What About B.O.B.s?

Note: Minor plot spoilers ahead. 

I picked up War and Peace for the first time ten years ago on a family vacation, read 200 of its 1300 pages, and then set it down for the decade. I didn’t have time to follow the meandering paths of five noble Russian families through the Napoleonic Wars. I didn’t have the attention span for a 200-page plot setup. I couldn’t remember the myriad of characters, or endure the narrator’s historical analysis, or grasp the expansive history. But most of all, I didn’t have time for fiction when there is so much to read of Doctrine, Theology, and spiritual life. How could I read “for pleasure” when I was already pressed with studying, writing, and shepherding?

This summer, in the midst of an international transition and the global pandemic, I picked up Tolstoy’s treasure again and read it from cover to cover. What I found in these half million words was more than I expected: I found an antidote to our instant world, an answer to the vitriolic tweet-cycle, and an ally in my spiritual life.

I am now convinced that reading Big Old Books (B.O.B.s) is a useful habit for all Christians, especially those who desire to understand our current culture and engage it with the good news of Christ.

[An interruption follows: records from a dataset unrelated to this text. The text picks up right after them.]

(* Let $k,h$ be integers with $k\ge1$ and $h\ge k+2$. Let $T^*(k,h)$ be the tree with vertex set $\{x,z\}\cup\{z_1,\dots,z_k\}\cup\{x_{(i,j)}:1\le i,j\le h-1\}\cup\{y_{(i,j)}:1\le i,j\le h-1\}$ and edge set $\{xx_{(i,j)}:1\le i,j\le h-1\}\cup\{x_{(i,j)}y_{(i,j)}:1\le i,j\le h-1\}\cup\{xz,zz_1,\dots,zz_k\}$. Then $\tau(T^*(k,h))=k$ and $\beta_p(T^*(k,h))=h$.
   Context: Two vertices $u,v$ are twins if $N(u)\setminus\{v\}=N(v)\setminus\{u\}$; the twin number $\tau(G)$ is the maximum cardinality of an equivalence class of the twin relation. For a partition $\Pi=\{S_1,\dots,S_m\}$ of $V(G)$, $r(u|\Pi)=(d(u,S_1),\dots,d(u,S_m))$ with $d(u,S)=\min_{w\in S}d(u,w)$; $\Pi$ is locating if $r(u|\Pi)\ne r(v|\Pi)$ for all distinct $u,v$; $\beta_p(G)$ is the minimum size of a locating partition. *)

From mathcomp Require Import all_boot.
Set Implicit Arguments. Unset Strict Implicit. Unset Printing Implicit Defensive.

Section Graphs.
Variables (T : finType) (e : rel T).

Fixpoint ball (n : nat) (u : T) : {set T} :=
  match n with
  | 0 => [set u]
  | n'.+1 => ball n' u :|: [set w | [exists v in ball n' u, e v w]]
  end.

(* graph distance (#|T| plays the role of infinity; graphs below are connected) *)
Definition dist (u v : T) : nat :=
  \big[minn/#|T|]_(n < #|T| | v \in ball n u) (n : nat).

Definition dset (u : T) (S : {set T}) : nat :=
  \big[minn/#|T|]_(w in S) dist u w.

Definition locating (P : {set {set T}}) : bool :=
  [forall u, forall v, (u != v) ==> [exists S in P, dset u S != dset v S]].

Definition partition_dim : nat :=
  \big[minn/#|T|]_(P : {set {set T}} | partition P [set: T] && locating P) #|P|.

Definition nbhd (u : T) : {set T} := [set w | e u w].

Definition twins (u v : T) : bool := (nbhd u :\ v) == (nbhd v :\ u).

Definition twin_number : nat := \max_(u : T) #|[set v | twins u v]|.

End Graphs.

1. B.O.B.s as an antidote to an instant world.

“. . . when the fullness of time had come . . .” Gal 4:4

The majority of modern culture, from commercials to food labels, is aimed to trigger a chemical reaction in your body that will elicit a response. Buy this car. Eat this guacamole. Watch this series. A book that waits until page three for the inciting incident is left to collect dust on the shelf. A movie without an explosion (or car chase, or alien invasion, etc) in the opening scene is relegated to the box office also-rans. We in the West are not good at waiting for anything. We want our reaction and we want it now.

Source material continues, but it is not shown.